2. **Generalization Ability:**
   - The significant performance drop on **Exam Score 2** highlights that the XGBoost model cannot generalize well when the target variable has no inherent connection to the input data. The model relies heavily on finding patterns and relationships in structured data, and when those patterns are absent, its predictive power diminishes substantially.
   - This demonstrates that machine learning models like XGBoost are designed to optimize for patterns and correlations within the data. Without meaningful features, the model becomes ineffective.
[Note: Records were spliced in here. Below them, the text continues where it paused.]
(* Let $H_0=\{x\in\mathbb{R}^n:\sum x_i=0\}$, $\hat e_i=e_i-\frac1n\sum_k e_k$, $\Delta_n^0=\mathrm{Conv}\{\hat e_1,\dots,\hat e_n\}$. Let $A:H_0\to H_0$ be a non-singular linear map and $B=(A^* )^{-1}$, where $A^*$ is the adjoint with respect to the standard inner product restricted to $H_0$. Then $$\big(Root(A(\Delta_n^0))\big)^\circ=Zono(B(\Delta_n^0)),$$ polarity taken inside $H_0$.
   Context: For a simplex $\Delta_A=\mathrm{Conv}\{a_1,\dots,a_n\}$, the generalized root polytope is $Root(\Delta_A)=\mathrm{Conv}\{a_i-a_j:1\le i\ne j\le n\}$. For a non-degenerate simplex with vertices $a_1,\dots,a_m$ and barycenter $a$, $Zono(\Delta_A)=\sum_i[a,a_i]$ (Minkowski sum); so $Zono(B(\Delta_n^0))=\sum_i[0,B\hat e_i]$. For $K\subset H_0$ with $0$ in its relative interior, $K^\circ=\{y\in H_0:\langle y,x\rangle\le 1\ \forall x\in K\}$. *)

From HB Require Import structures.
From mathcomp Require Import all_boot all_order all_algebra.
Set Implicit Arguments. Unset Strict Implicit. Unset Printing Implicit Defensive.
Import Order.TTheory GRing.Theory Num.Theory.
Local Open Scope ring_scope.

Definition dotv (R : realFieldType) (n : nat) (x y : 'cV[R]_n) : R :=
  \sum_(i < n) x i 0 * y i 0.

Definition H0 (R : realFieldType) (n : nat) (x : 'cV[R]_n) : Prop :=
  \sum_(i < n) x i 0 = 0.

Definition ehat (R : realFieldType) (n : nat) (i : 'I_n) : 'cV[R]_n :=
  delta_mx i 0 - (n%:R)^-1 *: const_mx 1.

Definition conv (R : realFieldType) (n : nat) (I : finType) (P : pred I)
    (v : I -> 'cV[R]_n) (x : 'cV[R]_n) : Prop :=
  exists lam : I -> R,
    [/\ forall i, 0 <= lam i,
        forall i, ~~ P i -> lam i = 0,
        \sum_i lam i = 1 &
        x = \sum_i lam i *: v i].

Definition root_polytope (R : realFieldType) (n m : nat) (a : 'I_m -> 'cV[R]_n) :
    'cV[R]_n -> Prop :=
  conv (fun p : 'I_m * 'I_m => p.1 != p.2) (fun p => a p.1 - a p.2).

(* Zono(Delta_A) = sum_i [b, a_i] (Minkowski sum), b the barycenter of a_1..a_m *)
Definition zono (R : realFieldType) (n m : nat) (a : 'I_m -> 'cV[R]_n)
    (x : 'cV[R]_n) : Prop :=
  let b := (m%:R)^-1 *: \sum_(i < m) a i in
  exists t : 'I_m -> R,
    (forall i, 0 <= t i <= 1) /\ x = b + \sum_i t i *: (a i - b).

Definition polar0 (R : realFieldType) (n : nat) (K : 'cV[R]_n -> Prop)
    (y : 'cV[R]_n) : Prop :=
  H0 y /\ forall x, K x -> dotv y x <= 1.

From mathcomp Require Import all_boot all_order all_algebra.
Import Order.TTheory GRing.Theory Num.Theory.
Local Open Scope ring_scope.

(* For y in H0 put z = A^* y.  By adjointness the constraint
   <y, A \hat e_i - A \hat e_j> <= 1 reads z_i - z_j <= 1, so y lies in the polar iff
   any two coordinates of z differ by at most 1.  A vector z of H0 has this property
   iff z = sum_i t_i \hat e_i with all t_i in [0, 1] (take t_i = z_i - min_k z_k), i.e.
   iff z lies in Zono(Delta_n^0); and y = B z, since B, a right inverse of A^* on the
   finite-dimensional space H0, is also a left inverse. *)

Lemma mulmx_ext {R : pzSemiRingType} {m n : nat} (M N : 'M[R]_(m, n)) :
  (forall x : 'cV_n, M *m x = N *m x) -> M = N.
Proof.
move=> eqMN; apply/matrixP => i j.
by have := congr1 (fun v : 'cV_m => v i 0) (eqMN (delta_mx j 0)); rewrite -!colE !mxE.
Qed.

Lemma mulmx_inv_on_range {R : comPzRingType} {n : nat} (P M N : 'M[R]_n) :
  P *m P = P -> P *m M *m P = M *m P -> P *m N *m P = N *m P ->
  M *m N *m P = P -> N *m M *m P = P.
Proof.
(* D := P M P + (1 - P) and C := N P + (1 - P) satisfy D C = 1, hence C D = 1. *)
move=> PP PMP PNP MNP; set Q := 1%:M - P.
have PQ : P *m Q = 0 by rewrite mulmxBr mulmx1 PP subrr.
have QP : Q *m P = 0 by rewrite mulmxBl mul1mx PP subrr.
have QQ : Q *m Q = Q by rewrite mulmxBr mulmx1 QP subr0.
have PQ1 : P + Q = 1%:M by rewrite addrC subrK.
clearbody Q.
pose D := P *m M *m P + Q; pose C := N *m P + Q.
have DC : D *m C = 1%:M.
  have PMPNP : P *m M *m P *m (N *m P) = P.
    by rewrite -!mulmxA [P *m (N *m P)]mulmxA PNP [M *m (N *m P)]mulmxA MNP PP.
  have QNP : Q *m (N *m P) = 0 by rewrite -PNP !mulmxA QP !mul0mx.
  by rewrite mulmxDl !mulmxDr PMPNP -mulmxA PQ mulmx0 QNP QQ addr0 add0r.
have DP : D *m P = M *m P by rewrite mulmxDl -mulmxA PP PMP QP addr0.
have CDP := congr1 (mulmx^~ P) (mulmx1C DC).
rewrite /= mul1mx -mulmxA DP in CDP.
rewrite -[RHS]CDP mulmxDl -PMP !mulmxA QP !mul0mx addr0 -[N *m P *m P]mulmxA PP.
by rewrite -[N *m P *m M]mulmxA -[RHS]mulmxA PMP mulmxA.
Qed.

Lemma dotvE {R : realFieldType} {n : nat} (x y : 'cV[R]_n) : dotv x y = (x^T *m y) 0 0.
Proof. by rewrite mxE; apply: eq_bigr => i _; rewrite mxE. Qed.

Lemma dotvC {R : realFieldType} {n : nat} (x y : 'cV[R]_n) : dotv x y = dotv y x.
Proof. by apply: eq_bigr => i _; rewrite mulrC. Qed.

Lemma dotv_deltaB {R : realFieldType} {n : nat} (i j : 'I_n) (x : 'cV[R]_n) :
  dotv (delta_mx i 0 - delta_mx j 0) x = x i 0 - x j 0.
Proof. by rewrite dotvE linearB /= mulmxBl !trmx_delta -!rowE !mxE. Qed.

Section Convexity.
Context {R : realFieldType} {n : nat} {I : finType} (P : pred I) (v : I -> 'cV[R]_n).

Lemma conv_point i : P i -> conv P v (v i).
Proof.
move=> Pi; exists (fun k => (k == i)%:R); split.
- by move=> k; rewrite ler0n.
- by move=> k; apply: contraNeq; rewrite pnatr_eq0 eqb0 negbK => /eqP ->.
- by rewrite (bigD1 i) //= big1 ?addr0 ?eqxx // => k /negbTE ->.
- by rewrite (bigD1 i) //= big1 ?addr0 ?eqxx ?scale1r // => k /negbTE ->; rewrite scale0r.
Qed.

Lemma dotv_conv_le (y x : 'cV[R]_n) (c : R) :
  (forall i, P i -> dotv y (v i) <= c) -> conv P v x -> dotv y x <= c.
Proof.
move=> le_c [lam [lam_ge0 lam_out lam_sum ->]].
have dotv_sumr : dotv y (\sum_i lam i *: v i) = \sum_i lam i * dotv y (v i).
  rewrite dotvE mulmx_sumr summxE; apply: eq_bigr => i _.
  by rewrite -scalemxAr mxE dotvE.
rewrite dotv_sumr -[c]mul1r -lam_sum mulr_suml; apply: ler_sum => i _.
have [Pi | nPi] := boolP (P i); first exact: ler_wpM2l (le_c i Pi).
by rewrite lam_out // !mul0r.
Qed.

Lemma polar0_convP y :
  polar0 (conv P v) y <-> H0 y /\ forall i, P i -> dotv y (v i) <= 1.
Proof.
split=> [[y0 le1] | [y0 le1]]; split=> //.
- by move=> i Pi; apply: le1; apply: conv_point.
- by move=> x; apply: dotv_conv_le.
Qed.

End Convexity.

Section SimplexPolytopes.
Context {R : realFieldType} {n m : nat} (a : 'I_m -> 'cV[R]_n).

Lemma polar0_root_polytopeP y :
  polar0 (root_polytope a) y <-> H0 y /\ forall i j, dotv y (a i - a j) <= 1.
Proof.
apply: (iff_trans (polar0_convP _ _ _)); split=> -[y0 le1]; split=> //= i j.
have [<- | ij] := eqVneq i j; last exact: (le1 (i, j)).
by rewrite subrr /dotv big1 ?ler01 // => k _; rewrite mxE mulr0.
Qed.

Lemma zono_centeredP y : \sum_i a i = 0 ->
  zono a y <-> exists t : 'I_m -> R, (forall i, 0 <= t i <= 1) /\ y = \sum_i t i *: a i.
Proof.
rewrite /zono /= => ->; rewrite scaler0.
have drop0 (t : 'I_m -> R) : \sum_i t i *: (a i - 0) = \sum_i t i *: a i.
  by apply: eq_bigr => i _; rewrite subr0.
by split=> -[t [t01 ->]]; exists t; rewrite add0r drop0.
Qed.

End SimplexPolytopes.

Section ProjectionH0.
Context {R : realFieldType} {n : nat}.
Hypothesis n_gt0 : (0 < n)%N.

Definition projH0 : 'M[R]_n := 1%:M - (n%:R)^-1 *: (const_mx 1 : 'M_n).

Lemma projH0_mulE (x : 'cV[R]_n) :
  projH0 *m x = x - ((n%:R)^-1 * \sum_i x i 0) *: const_mx 1.
Proof.
rewrite mulmxBl mul1mx -scalemxAl; congr (_ - _); apply/matrixP => i j.
rewrite (ord1 j) !mxE mulr1; congr (_ * _); apply: eq_bigr => k _.
by rewrite mxE mul1r.
Qed.

Lemma projH0_entryB (x : 'cV[R]_n) i j :
  (projH0 *m x) i 0 - (projH0 *m x) j 0 = x i 0 - x j 0.
Proof. by rewrite projH0_mulE !mxE opprB addrA subrK. Qed.

Lemma projH0_id (x : 'cV[R]_n) : H0 x -> projH0 *m x = x.
Proof. by rewrite projH0_mulE => x0; rewrite [\sum_i _]x0 mulr0 scale0r subr0. Qed.

Lemma projH0_const (c : R) : projH0 *m (const_mx c : 'cV_n) = 0.
Proof.
rewrite projH0_mulE (eq_bigr (fun=> c)) => [|i _]; last by rewrite mxE.
rewrite sumr_const card_ord -[c *+ n]mulr_natr mulrCA mulVf ?pnatr_eq0 -?lt0n // mulr1.
by apply/matrixP => i j; rewrite !mxE mulr1 subrr.
Qed.

Lemma H0_projH0 (x : 'cV[R]_n) : H0 (projH0 *m x).
Proof.
rewrite /H0 projH0_mulE (eq_bigr (fun i => x i 0 - (n%:R)^-1 * \sum_k x k 0)).
  rewrite sumrB sumr_const card_ord -[X in _ - X]mulr_natl mulrA.
  by rewrite mulfV ?pnatr_eq0 -?lt0n // mul1r subrr.
by move=> i _; rewrite !mxE mulr1.
Qed.

Lemma projH0_idem : projH0 *m projH0 = projH0.
Proof. by apply: mulmx_ext => x; rewrite -mulmxA projH0_id //; apply: H0_projH0. Qed.

Lemma ehat_projH0 (i : 'I_n) : ehat R i = projH0 *m delta_mx i 0.
Proof. by rewrite mulmxBl mul1mx -scalemxAl -colE col_const. Qed.

Lemma sum_scale_ehat (t : 'I_n -> R) : \sum_i t i *: ehat R i = projH0 *m \col_i t i.
Proof.
rewrite (eq_bigr (fun i => projH0 *m (t i *: delta_mx i 0))) => [|i _]; last first.
  by rewrite ehat_projH0 scalemxAr.
rewrite -mulmx_sumr; congr (_ *m _); apply/matrixP => k j.
rewrite (ord1 j) summxE (bigD1 k) //= big1 ?addr0 => [|i ik]; rewrite !mxE.
  by rewrite !eqxx mulr1.
by rewrite eq_sym (negbTE ik) mulr0.
Qed.

Lemma ehatB (i j : 'I_n) : ehat R i - ehat R j = delta_mx i 0 - delta_mx j 0.
Proof. by rewrite /ehat opprB addrA subrK. Qed.

Lemma sum_ehat : \sum_i ehat R i = 0 :> 'cV[R]_n.
Proof.
rewrite (eq_bigr (fun i => 1 *: ehat R i)) => [|i _]; last by rewrite scale1r.
rewrite sum_scale_ehat -(projH0_const 1); congr (_ *m _).
by apply/matrixP => i j; rewrite !mxE.
Qed.

Lemma H0_inverse_sym (M N : 'M[R]_n) :
  (forall y, H0 y -> H0 (M *m y)) -> (forall y, H0 y -> H0 (N *m y)) ->
  (forall y, H0 y -> M *m (N *m y) = y) -> forall y, H0 y -> N *m (M *m y) = y.
Proof.
move=> M_H0 N_H0 MN y y0.
have on_H0 (L : 'M[R]_n) :
    (forall y, H0 y -> H0 (L *m y)) -> projH0 *m L *m projH0 = L *m projH0.
  move=> L_H0; apply: mulmx_ext => x.
  by rewrite -!mulmxA projH0_id //; apply/L_H0/H0_projH0.
have NMc : N *m M *m projH0 = projH0.
  apply: mulmx_inv_on_range; rewrite ?projH0_idem ?on_H0 //.
  by apply: mulmx_ext => x; rewrite -!mulmxA MN //; apply: H0_projH0.
by rewrite -(projH0_id _ y0) !mulmxA NMc.
Qed.

Lemma zono_ehat_spreadP (z : 'cV[R]_n) : H0 z ->
  (forall i j, z i 0 - z j 0 <= 1) <->
  exists t : 'I_n -> R, (forall i, 0 <= t i <= 1) /\ z = \sum_i t i *: ehat R i.
Proof.
move=> z0; split=> [spread | [t [t01 ->]] i j]; last first.
  have /andP[_ ti_le1] := t01 i; have /andP[tj_ge0 _] := t01 j.
  by rewrite sum_scale_ehat projH0_entryB !mxE lerBlDr (le_trans ti_le1) // lerDl.
pose i0 := [arg min_(i < Ordinal n_gt0) z i 0]%O.
have z_min k : z i0 0 <= z k 0 by rewrite /i0; case: arg_minP => // m _; apply.
exists (fun k => z k 0 - z i0 0); split=> [k | ]; first by rewrite subr_ge0 z_min spread.
rewrite sum_scale_ehat (_ : \col_k _ = z - const_mx (z i0 0)).
  by rewrite mulmxBr projH0_const projH0_id // subr0.
by apply/matrixP => k j; rewrite (ord1 j) !mxE.
Qed.

End ProjectionH0.

Theorem mainTheorem10 (R : realFieldType) (n : nat) (A Astar B : 'M[R]_n) :
  (0 < n)%N ->
  (forall x, H0 x -> H0 (A *m x)) ->
  (forall x, H0 x -> A *m x = 0 -> x = 0) ->
  (forall y, H0 y -> H0 (Astar *m y)) ->
  (forall x y, H0 x -> H0 y -> dotv (A *m x) y = dotv x (Astar *m y)) ->
  (forall y, H0 y -> H0 (B *m y)) ->
  (forall y, H0 y -> Astar *m (B *m y) = y) ->
  forall y : 'cV[R]_n,
    polar0 (root_polytope (fun i : 'I_n => A *m ehat R i)) y <->
    zono (fun i : 'I_n => B *m ehat R i) y.
Proof.
move=> n_gt0 _ _ Astar_H0 adjA B_H0 AstarB y.
have BAstar := H0_inverse_sym n_gt0 _ _ Astar_H0 B_H0 AstarB.
have dotv_root (u : 'cV_n) i j : H0 u ->
    dotv u (A *m ehat R i - A *m ehat R j) = (Astar *m u) i 0 - (Astar *m u) j 0.
  move=> u0; have e0 : H0 (ehat R i - ehat R j).
    by rewrite !ehat_projH0 -mulmxBr; apply: H0_projH0.
  by rewrite -mulmxBr dotvC adjA // ehatB dotv_deltaB.
have sum_Behat : \sum_i B *m ehat R i = 0 by rewrite -mulmx_sumr sum_ehat // mulmx0.
have scale_B (t : 'I_n -> R) : \sum_i t i *: (B *m ehat R i) = B *m \sum_i t i *: ehat R i.
  by rewrite mulmx_sumr; apply: eq_bigr => i _; rewrite scalemxAr.
split=> [/polar0_root_polytopeP [y0 spread] | /zono_centeredP [// | t [t01 ->]]].
- have spreadA i j : (Astar *m y) i 0 - (Astar *m y) j 0 <= 1 by rewrite -dotv_root.
  have [t [t01 Astar_y]] := (zono_ehat_spreadP n_gt0 _ (Astar_H0 _ y0)).1 spreadA.
  by apply/zono_centeredP => //; exists t; rewrite scale_B -Astar_y BAstar.
- rewrite scale_B; set w := \sum_i t i *: ehat R i.
  have w0 : H0 w by rewrite /w sum_scale_ehat //; apply: H0_projH0.
  apply/polar0_root_polytopeP; split=> [|i j]; first exact: B_H0.
  rewrite dotv_root ?AstarB //; last exact: B_H0.
  by apply: (zono_ehat_spreadP n_gt0 _ w0).2; exists t.
Qed.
3. **Feature Importance:**
   - In the original experiment, key features such as **Strength**, **Heart Disease**, **Alzheimer's**, and **Cancer** were identified as important in predicting **Exam Score**. These features had significant correlations with the target variable, enabling the model to perform well.
   - In contrast, for **Exam Score 2**, which is arbitrarily assigned, feature importance becomes irrelevant, as the target does not depend on any features. This explains why the model struggles with this unrelated target.

### Implications:

The results of this experiment underscore the importance of aligning target variables with meaningful features when using machine learning models. If the target variable does not have a logical relationship with the input features, even highly optimized models like XGBoost will fail to produce accurate predictions. This experiment also illustrates the limitations of machine learning when applied to datasets with poorly defined or arbitrary target variables, emphasizing the need for careful feature selection and target definition in predictive modeling tasks.

In structured data, models like XGBoost excel at identifying relationships and leveraging feature importance to make accurate predictions. However, the model's inability to perform well on **Exam Score 2** reinforces the importance of understanding the data context and ensuring that the target variable is appropriately aligned with the available features for meaningful model training and evaluation.